The language used is a bit dated, but I could see what Ben Elton was doing. I am possibility a bit sensitive about the wrod 'spastic' since I am challenged by spasticity each day.

Anne Stewart
Read this a few times - loved it every time
Sieats
poor compared to the others of his ive read, like most of his novels he has chosen a section of society and attempted to comedically dramatise the extreme result of societies failings and explore the worst possibilities of what is possible. However here i think he chose unwisely, the book is simply written with lightweight characters (apart from Geoffrey). The subject matter is also boring, traffic jams are boring and this is in essence the basis for the whole novel. Popcorn or Dead Famous are m ...more
Sally Walsh
He never fails. Fascinating idea and brilliant twist at the end.
Shona
Having read many of his other books I was slightly disappointed by this particular novel. This is not to say that I didn't enjoy it, it is just that compared to the others this one was a bit far fetched and lacking in as much humour as the others.

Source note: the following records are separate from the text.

(* Let $X,Y,Z$ be Dedekind complete Riesz spaces; all maps below are order continuous and increasing, and $f^{s}$ denotes the unique left order continuous increasing extension of $f$ to the sup-completions. (i) If $f,g:X\to Y$ satisfy $f\le g$, then $f^{s}\le g^{s}$. (ii) If $f,g,h:X\to Y$ satisfy $h=f+g$, then $h^{s}=f^{s}+g^{s}$. (iii) If $f:X\to Y$ and $g:Y\to Z$, then $(g\circ f)^{s}=g^{s}\circ f^{s}$.
   Context: For a Dedekind complete Riesz space $X$, its sup-completion $X^{s}$ is the set of classes of nonempty upward directed subsets of $X$ under $A\sim B$ iff $\sup_{a\in A}(x\wedge a)=\sup_{b\in B}(x\wedge b)$ for all $x\in X$, with induced addition, nonnegative scalar multiplication and order; $X\subseteq X^{s}$, every nonempty subset of $X^s$ has a supremum and every element is the supremum of an increasing net from $X$. A map $F$ is left order continuous if $x_\alpha\uparrow x$ implies $F(x_\alpha)\uparrow F(x)$. Every order continuous increasing map $f:X\to Y$ has a unique left order continuous increasing extension $f^s:X^s\to Y^s$. *)

From HB Require Import structures.
From mathcomp Require Import all_boot all_order all_algebra.
From mathcomp Require Import reals.
Set Implicit Arguments. Unset Strict Implicit. Unset Printing Implicit Defensive.
Import Order.TTheory GRing.Theory Num.Theory.
Local Open Scope ring_scope.

Section OrderNotions.
Context {T : Type} (le : T -> T -> Prop).

Definition is_ub (A : T -> Prop) (s : T) : Prop := forall a, A a -> le a s.
Definition is_sup (A : T -> Prop) (s : T) : Prop :=
  is_ub A s /\ forall t, is_ub A t -> le s t.
Definition is_inf (A : T -> Prop) (s : T) : Prop :=
  (forall a, A a -> le s a) /\ forall t, (forall a, A a -> le t a) -> le t s.

Definition pair_set (x y : T) : T -> Prop := fun z => z = x \/ z = y.

Definition updirected (A : T -> Prop) : Prop :=
  (exists a, A a) /\
  forall a b, A a -> A b -> exists c, A c /\ le a c /\ le b c.

End OrderNotions.

Definition directed_index (I : Type) (leI : I -> I -> Prop) : Prop :=
  (exists i : I, True) /\
  (forall i, leI i i) /\
  (forall i j k, leI i j -> leI j k -> leI i k) /\
  (forall i j, exists k, leI i k /\ leI j k).

Definition riesz_space (R : realType) (X : lmodType R) (le : X -> X -> Prop) : Prop :=
  (forall x, le x x) /\
  (forall x y z, le x y -> le y z -> le x z) /\
  (forall x y, le x y -> le y x -> x = y) /\
  (forall x y z, le x y -> le (x + z) (y + z)) /\
  (forall (a : R) x y, 0 <= a -> le x y -> le (a *: x) (a *: y)) /\
  (forall x y, exists s, is_sup le (pair_set x y) s).

Definition dedekind_complete_riesz (R : realType) (X : lmodType R)
    (le : X -> X -> Prop) : Prop :=
  riesz_space le /\
  forall A : X -> Prop, (exists a, A a) -> (exists u, is_ub le A u) ->
    exists s, is_sup le A s.

(** ** The sup-completion X^s.
    An element of X^s is represented by a nonempty upward directed subset A of X
    (predicate [updirected le A]); two representatives are identified by [sc_eq]. *)
Section SupCompletion.
Context {T : Type} (le : T -> T -> Prop).

Definition meets (x : T) (A : T -> Prop) : T -> Prop :=
  fun z => exists a, A a /\ is_inf le (pair_set x a) z.

Definition sc_eq (A B : T -> Prop) : Prop :=
  forall x s, is_sup le (meets x A) s <-> is_sup le (meets x B) s.

Definition sc_le (A B : T -> Prop) : Prop :=
  forall x s t, is_sup le (meets x A) s -> is_sup le (meets x B) t -> le s t.

Definition sc_emb (x : T) : T -> Prop := fun z => z = x.

Definition sc_is_sup (I : Type) (fam : I -> T -> Prop) (S : T -> Prop) : Prop :=
  (forall i, sc_le (fam i) S) /\
  forall U, updirected le U -> (forall i, sc_le (fam i) U) -> sc_le S U.

End SupCompletion.

Definition sc_add (R : realType) (X : lmodType R) (A B : X -> Prop) : X -> Prop :=
  fun z => exists a b, A a /\ B b /\ z = a + b.

Definition oc_increasing {X Y : Type} (leX : X -> X -> Prop) (leY : Y -> Y -> Prop)
    (f : X -> Y) : Prop :=
  (forall x y, leX x y -> leY (f x) (f y)) /\
  (forall (I : Type) (leI : I -> I -> Prop) (net : I -> X) (x : X),
      directed_index leI ->
      (forall i j, leI i j -> leX (net i) (net j)) ->
      is_sup leX (fun z => exists i, z = net i) x ->
      is_sup leY (fun z => exists i, z = f (net i)) (f x)) /\
  (forall (I : Type) (leI : I -> I -> Prop) (net : I -> X) (x : X),
      directed_index leI ->
      (forall i j, leI i j -> leX (net j) (net i)) ->
      is_inf leX (fun z => exists i, z = net i) x ->
      is_inf leY (fun z => exists i, z = f (net i)) (f x)).

Definition sc_extension {X Y : Type} (leX : X -> X -> Prop) (leY : Y -> Y -> Prop)
    (f : X -> Y) (F : (X -> Prop) -> (Y -> Prop)) : Prop :=
  [/\
      (forall A, updirected leX A -> updirected leY (F A)),
      (forall A B, updirected leX A -> updirected leX B ->
         sc_eq leX A B -> sc_eq leY (F A) (F B)),
      (forall x, sc_eq leY (F (sc_emb x)) (sc_emb (f x))),
      (forall A B, updirected leX A -> updirected leX B ->
         sc_le leX A B -> sc_le leY (F A) (F B))
    &
      (forall (I : Type) (leI : I -> I -> Prop) (net : I -> X -> Prop) (S : X -> Prop),
         directed_index leI ->
         (forall i, updirected leX (net i)) -> updirected leX S ->
         (forall i j, leI i j -> sc_le leX (net i) (net j)) ->
         sc_is_sup leX net S ->
         (forall i j, leI i j -> sc_le leY (F (net i)) (F (net j))) /\
         sc_is_sup leY (fun i => F (net i)) (F S))].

The first half of the novel was slow and lacking in much excitement but things started to get quite gripping towards the last 100 or so pages.

Not a serious read but would be ok as a holiday read.
Anita
Ben Elton is a lovely, funny person. This is not his best book.
It feels as though he wrote a list of issues he wanted to say something about, thought of some humour to make his point, and then wove it into a narrative. The narrative is cluttered with too many issues. The point he wants to make that he gets spot on is making our two disabled heroes brave, loveable and coping well with an unfriendly world.
Tanvir Muntasim
Who knew you could write an uproariously funny novel on traffic jams? Ben Elton does it with flair and aplomb and highlights the absurdity of considering the private car to be synonimous with a means for freedom. Crammed full of one liners that never deviate from emphasising the seriousness of the issue covered. Recommended for social conscious readers who like their reading laced with black humor.
Donna
I have never picked up a new book and author and put them down after only an hour after starting! But with Ben Elton I had to. I'm not saying it was bad, it was just not what I enjoy. It felt a bit manic and silly. It would appeal to many I am sure, otherwise he wouldn't be so successful! I am not rating this book as I don't think it would be fair.
Nicki
First attempt at reading this book I couldn't get past the first couple of chapters, the story line wasn't interesting me in the slightest. When I had a break, came back and started again I found it so much easier to get into and got really into the plot. Only grumble I have against this book is the abrupt ending.
notgettingenough
Just because words are free and there probably isn't ever going to be a world shortage, doesn't mean one should go about using them willy nilly. Way, way, way too words, Elton's books. Presumably he's being paid by the page.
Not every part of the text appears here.